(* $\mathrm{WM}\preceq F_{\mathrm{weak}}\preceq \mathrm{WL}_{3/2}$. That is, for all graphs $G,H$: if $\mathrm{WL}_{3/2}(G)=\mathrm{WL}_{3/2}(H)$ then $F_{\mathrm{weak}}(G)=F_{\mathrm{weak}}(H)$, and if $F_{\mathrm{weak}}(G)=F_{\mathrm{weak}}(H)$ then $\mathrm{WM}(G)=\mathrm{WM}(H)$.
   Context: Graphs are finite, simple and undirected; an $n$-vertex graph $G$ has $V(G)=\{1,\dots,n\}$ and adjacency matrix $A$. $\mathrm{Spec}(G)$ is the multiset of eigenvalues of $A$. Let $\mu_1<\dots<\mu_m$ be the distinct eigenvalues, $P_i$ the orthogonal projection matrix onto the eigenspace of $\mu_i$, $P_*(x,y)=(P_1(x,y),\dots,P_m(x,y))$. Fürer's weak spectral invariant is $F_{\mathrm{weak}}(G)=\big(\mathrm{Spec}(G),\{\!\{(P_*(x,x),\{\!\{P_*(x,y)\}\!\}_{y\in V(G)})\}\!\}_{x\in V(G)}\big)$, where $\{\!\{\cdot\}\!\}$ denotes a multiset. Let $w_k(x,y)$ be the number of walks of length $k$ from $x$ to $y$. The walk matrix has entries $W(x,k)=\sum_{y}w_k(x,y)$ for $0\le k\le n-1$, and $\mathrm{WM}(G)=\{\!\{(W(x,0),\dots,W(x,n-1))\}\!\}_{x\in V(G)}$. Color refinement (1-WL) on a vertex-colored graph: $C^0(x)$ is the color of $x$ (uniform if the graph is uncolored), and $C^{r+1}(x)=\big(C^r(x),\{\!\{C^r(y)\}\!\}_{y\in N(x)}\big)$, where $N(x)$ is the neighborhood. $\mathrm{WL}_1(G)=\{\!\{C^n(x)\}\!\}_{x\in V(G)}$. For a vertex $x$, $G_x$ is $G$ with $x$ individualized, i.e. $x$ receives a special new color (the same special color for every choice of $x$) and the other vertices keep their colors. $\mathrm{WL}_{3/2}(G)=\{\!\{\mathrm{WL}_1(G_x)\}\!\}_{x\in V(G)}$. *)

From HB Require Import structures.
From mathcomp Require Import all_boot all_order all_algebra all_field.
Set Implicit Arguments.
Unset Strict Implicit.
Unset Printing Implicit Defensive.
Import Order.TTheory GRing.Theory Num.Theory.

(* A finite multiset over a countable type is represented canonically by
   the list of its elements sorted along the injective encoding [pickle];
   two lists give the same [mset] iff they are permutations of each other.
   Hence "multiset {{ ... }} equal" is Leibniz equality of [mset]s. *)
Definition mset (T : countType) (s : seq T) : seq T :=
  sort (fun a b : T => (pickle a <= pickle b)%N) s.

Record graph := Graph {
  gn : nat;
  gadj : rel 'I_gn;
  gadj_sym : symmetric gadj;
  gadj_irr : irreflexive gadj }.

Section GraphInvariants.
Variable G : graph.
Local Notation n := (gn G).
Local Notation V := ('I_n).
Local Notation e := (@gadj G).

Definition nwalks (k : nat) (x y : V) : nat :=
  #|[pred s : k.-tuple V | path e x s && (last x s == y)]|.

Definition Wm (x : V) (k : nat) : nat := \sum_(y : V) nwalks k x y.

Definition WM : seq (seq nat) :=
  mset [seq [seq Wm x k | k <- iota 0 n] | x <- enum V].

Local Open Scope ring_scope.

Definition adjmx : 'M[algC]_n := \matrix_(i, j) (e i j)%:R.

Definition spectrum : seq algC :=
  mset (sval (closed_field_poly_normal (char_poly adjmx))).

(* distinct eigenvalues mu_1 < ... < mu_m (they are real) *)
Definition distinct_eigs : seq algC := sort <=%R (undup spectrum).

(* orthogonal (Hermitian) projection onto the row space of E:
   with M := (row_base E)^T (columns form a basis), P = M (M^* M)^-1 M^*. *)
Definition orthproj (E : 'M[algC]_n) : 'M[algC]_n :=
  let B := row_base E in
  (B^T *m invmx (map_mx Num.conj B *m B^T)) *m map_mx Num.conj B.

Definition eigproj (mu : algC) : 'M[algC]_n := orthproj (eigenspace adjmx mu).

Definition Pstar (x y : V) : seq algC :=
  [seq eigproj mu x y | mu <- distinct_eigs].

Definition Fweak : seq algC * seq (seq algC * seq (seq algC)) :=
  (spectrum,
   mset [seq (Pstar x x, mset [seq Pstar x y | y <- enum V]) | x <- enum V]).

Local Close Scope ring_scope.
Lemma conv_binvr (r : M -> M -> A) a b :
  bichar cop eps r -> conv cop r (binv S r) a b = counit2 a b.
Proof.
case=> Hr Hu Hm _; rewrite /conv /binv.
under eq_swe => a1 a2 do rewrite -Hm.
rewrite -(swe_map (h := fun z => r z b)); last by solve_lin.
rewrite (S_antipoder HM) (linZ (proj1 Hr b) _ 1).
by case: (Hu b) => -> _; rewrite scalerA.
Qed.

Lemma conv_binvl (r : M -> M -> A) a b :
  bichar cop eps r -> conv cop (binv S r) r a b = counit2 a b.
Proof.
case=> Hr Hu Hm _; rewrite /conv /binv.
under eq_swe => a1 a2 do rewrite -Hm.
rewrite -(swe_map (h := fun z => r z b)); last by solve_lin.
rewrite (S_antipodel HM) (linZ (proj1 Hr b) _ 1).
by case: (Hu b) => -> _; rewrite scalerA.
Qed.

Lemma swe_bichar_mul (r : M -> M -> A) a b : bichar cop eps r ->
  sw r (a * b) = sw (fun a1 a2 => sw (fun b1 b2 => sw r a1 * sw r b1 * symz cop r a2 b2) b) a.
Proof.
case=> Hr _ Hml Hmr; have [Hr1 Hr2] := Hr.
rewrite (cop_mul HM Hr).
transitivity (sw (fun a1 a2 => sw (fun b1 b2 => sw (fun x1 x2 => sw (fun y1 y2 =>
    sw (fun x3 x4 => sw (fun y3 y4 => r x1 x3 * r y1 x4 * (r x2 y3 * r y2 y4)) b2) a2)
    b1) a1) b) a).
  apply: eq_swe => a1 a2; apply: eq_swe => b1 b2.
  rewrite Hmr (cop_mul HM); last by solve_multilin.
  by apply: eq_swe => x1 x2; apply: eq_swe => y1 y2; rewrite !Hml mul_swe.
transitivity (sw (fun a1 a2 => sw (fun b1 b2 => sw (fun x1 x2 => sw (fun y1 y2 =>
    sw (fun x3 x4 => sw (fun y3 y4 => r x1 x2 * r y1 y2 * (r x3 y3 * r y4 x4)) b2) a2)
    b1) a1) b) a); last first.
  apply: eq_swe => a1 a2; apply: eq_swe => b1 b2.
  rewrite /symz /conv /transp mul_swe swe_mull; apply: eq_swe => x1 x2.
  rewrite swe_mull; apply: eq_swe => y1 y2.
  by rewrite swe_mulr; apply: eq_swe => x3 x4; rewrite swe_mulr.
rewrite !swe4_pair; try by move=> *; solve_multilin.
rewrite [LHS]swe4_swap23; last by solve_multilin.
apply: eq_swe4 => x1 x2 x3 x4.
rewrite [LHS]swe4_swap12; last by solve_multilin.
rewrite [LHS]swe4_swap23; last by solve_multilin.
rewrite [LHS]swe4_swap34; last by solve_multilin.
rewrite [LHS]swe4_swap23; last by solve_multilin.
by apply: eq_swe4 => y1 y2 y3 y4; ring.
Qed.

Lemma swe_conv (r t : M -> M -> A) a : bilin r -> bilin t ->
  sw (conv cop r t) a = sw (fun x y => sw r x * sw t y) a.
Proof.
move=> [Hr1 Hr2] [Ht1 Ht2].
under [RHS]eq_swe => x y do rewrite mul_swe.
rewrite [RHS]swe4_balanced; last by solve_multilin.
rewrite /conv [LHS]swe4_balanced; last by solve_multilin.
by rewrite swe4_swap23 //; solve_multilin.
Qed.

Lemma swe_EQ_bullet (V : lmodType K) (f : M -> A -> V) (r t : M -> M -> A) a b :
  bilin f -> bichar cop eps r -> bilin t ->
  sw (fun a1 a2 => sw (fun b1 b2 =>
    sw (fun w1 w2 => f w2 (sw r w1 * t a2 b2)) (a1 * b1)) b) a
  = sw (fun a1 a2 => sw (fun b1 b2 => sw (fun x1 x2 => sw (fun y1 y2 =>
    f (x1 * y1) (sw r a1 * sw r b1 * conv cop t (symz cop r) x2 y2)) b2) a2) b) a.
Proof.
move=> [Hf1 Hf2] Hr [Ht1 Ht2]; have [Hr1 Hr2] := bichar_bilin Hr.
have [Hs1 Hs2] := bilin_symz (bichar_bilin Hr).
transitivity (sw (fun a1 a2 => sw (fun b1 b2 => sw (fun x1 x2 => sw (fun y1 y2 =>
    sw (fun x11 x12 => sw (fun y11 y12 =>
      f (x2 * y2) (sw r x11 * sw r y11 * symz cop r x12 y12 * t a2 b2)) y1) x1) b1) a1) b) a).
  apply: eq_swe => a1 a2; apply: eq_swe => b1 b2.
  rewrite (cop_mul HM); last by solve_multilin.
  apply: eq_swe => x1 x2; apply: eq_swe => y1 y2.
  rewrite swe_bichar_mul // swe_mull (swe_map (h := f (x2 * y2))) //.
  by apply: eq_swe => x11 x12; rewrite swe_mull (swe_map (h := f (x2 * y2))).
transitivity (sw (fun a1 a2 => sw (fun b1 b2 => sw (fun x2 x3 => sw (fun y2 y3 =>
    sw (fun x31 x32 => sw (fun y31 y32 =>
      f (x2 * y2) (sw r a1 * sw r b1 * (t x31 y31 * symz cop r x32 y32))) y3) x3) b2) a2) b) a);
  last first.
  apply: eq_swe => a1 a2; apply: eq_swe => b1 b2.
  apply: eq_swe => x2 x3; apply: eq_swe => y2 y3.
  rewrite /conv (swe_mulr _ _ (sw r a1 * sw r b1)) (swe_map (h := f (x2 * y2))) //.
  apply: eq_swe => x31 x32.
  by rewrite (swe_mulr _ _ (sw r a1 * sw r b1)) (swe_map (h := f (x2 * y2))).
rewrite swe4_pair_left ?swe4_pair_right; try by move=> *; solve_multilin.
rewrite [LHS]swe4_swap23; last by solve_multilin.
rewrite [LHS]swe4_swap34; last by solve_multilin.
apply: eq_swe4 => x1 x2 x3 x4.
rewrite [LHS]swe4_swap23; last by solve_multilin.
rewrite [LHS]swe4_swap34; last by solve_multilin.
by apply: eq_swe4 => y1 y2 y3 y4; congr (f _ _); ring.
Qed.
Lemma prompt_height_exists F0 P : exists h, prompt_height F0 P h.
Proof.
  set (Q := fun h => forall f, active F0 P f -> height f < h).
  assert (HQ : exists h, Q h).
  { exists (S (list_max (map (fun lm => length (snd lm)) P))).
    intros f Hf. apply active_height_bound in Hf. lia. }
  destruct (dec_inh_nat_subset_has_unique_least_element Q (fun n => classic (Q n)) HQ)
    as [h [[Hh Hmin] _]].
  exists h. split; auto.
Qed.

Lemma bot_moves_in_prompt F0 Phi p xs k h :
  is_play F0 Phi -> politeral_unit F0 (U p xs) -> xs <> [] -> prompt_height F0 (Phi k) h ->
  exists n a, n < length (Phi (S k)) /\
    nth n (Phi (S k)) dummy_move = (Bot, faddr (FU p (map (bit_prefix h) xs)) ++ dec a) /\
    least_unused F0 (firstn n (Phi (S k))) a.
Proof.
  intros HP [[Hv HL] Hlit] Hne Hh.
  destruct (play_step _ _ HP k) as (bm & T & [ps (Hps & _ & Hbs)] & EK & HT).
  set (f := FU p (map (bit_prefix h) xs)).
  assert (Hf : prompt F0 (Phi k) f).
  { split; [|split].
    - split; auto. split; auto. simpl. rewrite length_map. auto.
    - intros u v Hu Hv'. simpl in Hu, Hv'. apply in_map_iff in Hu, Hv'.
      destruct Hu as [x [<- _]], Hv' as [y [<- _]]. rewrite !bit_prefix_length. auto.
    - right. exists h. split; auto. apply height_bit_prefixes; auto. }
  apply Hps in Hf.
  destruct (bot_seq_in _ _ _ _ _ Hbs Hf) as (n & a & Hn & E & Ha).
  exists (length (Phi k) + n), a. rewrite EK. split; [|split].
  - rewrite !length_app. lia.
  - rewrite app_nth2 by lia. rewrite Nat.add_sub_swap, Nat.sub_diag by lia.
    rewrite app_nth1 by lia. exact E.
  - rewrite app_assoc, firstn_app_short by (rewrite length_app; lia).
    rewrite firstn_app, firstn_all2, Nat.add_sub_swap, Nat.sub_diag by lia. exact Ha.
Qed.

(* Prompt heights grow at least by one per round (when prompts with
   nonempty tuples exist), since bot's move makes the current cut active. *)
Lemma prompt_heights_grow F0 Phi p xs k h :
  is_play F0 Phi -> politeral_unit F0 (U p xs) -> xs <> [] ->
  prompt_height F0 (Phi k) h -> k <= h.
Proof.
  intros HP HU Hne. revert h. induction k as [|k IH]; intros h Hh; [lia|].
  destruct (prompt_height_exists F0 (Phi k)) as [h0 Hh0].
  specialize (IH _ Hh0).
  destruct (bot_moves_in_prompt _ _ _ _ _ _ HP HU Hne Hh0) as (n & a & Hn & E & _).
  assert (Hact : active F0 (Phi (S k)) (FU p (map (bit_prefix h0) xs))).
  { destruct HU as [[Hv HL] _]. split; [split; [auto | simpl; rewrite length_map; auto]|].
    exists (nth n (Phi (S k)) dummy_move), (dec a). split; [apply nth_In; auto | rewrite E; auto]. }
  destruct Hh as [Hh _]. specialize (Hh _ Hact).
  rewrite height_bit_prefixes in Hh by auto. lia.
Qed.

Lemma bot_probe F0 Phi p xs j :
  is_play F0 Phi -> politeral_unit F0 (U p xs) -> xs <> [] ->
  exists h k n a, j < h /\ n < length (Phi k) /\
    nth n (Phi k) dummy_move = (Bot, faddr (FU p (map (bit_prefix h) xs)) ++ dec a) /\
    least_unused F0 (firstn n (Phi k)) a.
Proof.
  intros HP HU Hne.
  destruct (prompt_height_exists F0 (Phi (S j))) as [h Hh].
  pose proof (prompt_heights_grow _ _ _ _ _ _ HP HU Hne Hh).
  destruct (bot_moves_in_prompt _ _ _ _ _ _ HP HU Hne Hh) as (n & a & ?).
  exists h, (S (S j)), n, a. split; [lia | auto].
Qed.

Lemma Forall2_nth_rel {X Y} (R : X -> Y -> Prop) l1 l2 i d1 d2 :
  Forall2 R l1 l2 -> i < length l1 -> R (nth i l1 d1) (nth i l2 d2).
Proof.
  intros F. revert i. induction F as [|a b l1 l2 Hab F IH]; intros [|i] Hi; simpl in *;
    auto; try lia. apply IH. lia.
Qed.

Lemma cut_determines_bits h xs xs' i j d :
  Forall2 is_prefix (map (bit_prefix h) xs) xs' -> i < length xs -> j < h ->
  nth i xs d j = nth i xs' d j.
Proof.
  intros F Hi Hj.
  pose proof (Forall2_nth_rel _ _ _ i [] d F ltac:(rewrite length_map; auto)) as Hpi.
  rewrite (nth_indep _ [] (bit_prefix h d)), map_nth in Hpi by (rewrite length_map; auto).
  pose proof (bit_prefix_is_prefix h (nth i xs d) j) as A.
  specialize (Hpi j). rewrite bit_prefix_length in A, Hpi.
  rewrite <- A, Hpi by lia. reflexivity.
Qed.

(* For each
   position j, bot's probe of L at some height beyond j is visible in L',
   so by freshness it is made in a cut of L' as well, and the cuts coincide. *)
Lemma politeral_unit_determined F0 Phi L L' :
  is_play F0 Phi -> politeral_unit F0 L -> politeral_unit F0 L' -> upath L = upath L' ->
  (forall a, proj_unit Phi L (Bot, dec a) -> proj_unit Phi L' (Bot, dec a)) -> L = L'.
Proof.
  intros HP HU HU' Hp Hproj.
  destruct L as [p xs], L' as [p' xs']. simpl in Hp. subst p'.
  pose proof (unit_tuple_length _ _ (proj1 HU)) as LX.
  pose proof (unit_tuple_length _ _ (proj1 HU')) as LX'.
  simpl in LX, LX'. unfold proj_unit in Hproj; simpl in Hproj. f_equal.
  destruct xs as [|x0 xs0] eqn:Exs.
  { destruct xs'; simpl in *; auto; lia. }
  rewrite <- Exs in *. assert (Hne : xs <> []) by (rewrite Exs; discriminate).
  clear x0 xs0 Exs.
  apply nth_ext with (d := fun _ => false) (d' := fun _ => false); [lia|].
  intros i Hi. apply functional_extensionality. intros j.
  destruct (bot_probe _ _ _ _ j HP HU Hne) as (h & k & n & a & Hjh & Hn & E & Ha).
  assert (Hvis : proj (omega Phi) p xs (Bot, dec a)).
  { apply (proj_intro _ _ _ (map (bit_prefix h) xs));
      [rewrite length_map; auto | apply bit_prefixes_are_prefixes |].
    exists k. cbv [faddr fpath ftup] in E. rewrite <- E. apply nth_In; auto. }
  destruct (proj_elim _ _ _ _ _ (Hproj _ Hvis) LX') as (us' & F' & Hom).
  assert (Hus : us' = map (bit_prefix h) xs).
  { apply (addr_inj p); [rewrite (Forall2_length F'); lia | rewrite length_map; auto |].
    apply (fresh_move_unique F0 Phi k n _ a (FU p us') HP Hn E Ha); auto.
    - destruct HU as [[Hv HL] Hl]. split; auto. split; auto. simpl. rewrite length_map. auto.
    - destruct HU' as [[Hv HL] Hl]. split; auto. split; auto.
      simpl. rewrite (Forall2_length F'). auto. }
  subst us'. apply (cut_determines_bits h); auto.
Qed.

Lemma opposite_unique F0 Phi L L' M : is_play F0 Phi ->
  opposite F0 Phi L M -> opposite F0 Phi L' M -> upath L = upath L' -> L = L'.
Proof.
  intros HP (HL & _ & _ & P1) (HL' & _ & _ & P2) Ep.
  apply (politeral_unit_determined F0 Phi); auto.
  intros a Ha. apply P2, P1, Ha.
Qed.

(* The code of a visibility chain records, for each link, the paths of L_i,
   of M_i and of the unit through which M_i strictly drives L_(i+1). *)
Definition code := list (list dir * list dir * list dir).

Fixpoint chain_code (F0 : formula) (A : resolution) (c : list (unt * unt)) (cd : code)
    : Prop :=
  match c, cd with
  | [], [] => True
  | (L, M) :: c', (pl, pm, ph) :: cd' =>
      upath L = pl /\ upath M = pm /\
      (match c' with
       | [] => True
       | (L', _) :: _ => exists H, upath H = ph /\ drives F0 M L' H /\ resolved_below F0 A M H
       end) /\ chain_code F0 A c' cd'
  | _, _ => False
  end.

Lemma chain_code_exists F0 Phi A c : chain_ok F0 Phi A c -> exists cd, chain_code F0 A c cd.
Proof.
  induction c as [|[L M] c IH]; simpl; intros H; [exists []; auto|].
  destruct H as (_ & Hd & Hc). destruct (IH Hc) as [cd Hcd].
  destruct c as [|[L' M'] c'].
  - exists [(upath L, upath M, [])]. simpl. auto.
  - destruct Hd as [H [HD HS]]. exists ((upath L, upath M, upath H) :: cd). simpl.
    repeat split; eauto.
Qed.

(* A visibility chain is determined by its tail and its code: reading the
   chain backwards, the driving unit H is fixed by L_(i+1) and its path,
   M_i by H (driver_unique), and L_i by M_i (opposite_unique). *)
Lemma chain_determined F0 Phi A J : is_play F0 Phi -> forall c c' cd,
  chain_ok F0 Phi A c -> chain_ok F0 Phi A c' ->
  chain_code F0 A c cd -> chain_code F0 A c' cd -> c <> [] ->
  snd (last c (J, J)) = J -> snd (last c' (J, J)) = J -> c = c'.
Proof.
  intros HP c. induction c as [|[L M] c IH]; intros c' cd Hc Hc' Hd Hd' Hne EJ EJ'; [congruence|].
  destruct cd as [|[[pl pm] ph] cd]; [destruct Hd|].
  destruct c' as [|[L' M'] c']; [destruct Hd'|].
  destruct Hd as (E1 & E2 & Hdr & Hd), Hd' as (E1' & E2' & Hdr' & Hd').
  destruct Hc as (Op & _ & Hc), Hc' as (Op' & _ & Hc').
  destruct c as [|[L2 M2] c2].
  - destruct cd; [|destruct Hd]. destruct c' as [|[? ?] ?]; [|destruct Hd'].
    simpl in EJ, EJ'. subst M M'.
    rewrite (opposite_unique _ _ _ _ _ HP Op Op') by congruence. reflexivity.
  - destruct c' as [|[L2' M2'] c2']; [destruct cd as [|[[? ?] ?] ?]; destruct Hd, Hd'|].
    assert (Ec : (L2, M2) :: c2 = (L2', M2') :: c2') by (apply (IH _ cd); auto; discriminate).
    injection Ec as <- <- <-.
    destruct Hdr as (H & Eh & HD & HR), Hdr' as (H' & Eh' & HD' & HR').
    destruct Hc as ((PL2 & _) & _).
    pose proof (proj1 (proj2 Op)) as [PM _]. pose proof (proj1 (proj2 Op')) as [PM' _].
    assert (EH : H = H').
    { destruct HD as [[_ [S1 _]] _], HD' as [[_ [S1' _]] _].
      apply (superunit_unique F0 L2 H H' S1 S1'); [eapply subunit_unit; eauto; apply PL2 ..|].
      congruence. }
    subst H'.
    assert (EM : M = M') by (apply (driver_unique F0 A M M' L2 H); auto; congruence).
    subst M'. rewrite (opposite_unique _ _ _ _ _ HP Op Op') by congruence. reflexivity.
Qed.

•••

# What is required:
Find each line in the records holding the string "Pstar" and show it.

# Written reply:
Definition Pstar (x y : V) : seq algC :=
   mset [seq (Pstar x x, mset [seq Pstar x y | y <- enum V]) | x <- enum V]).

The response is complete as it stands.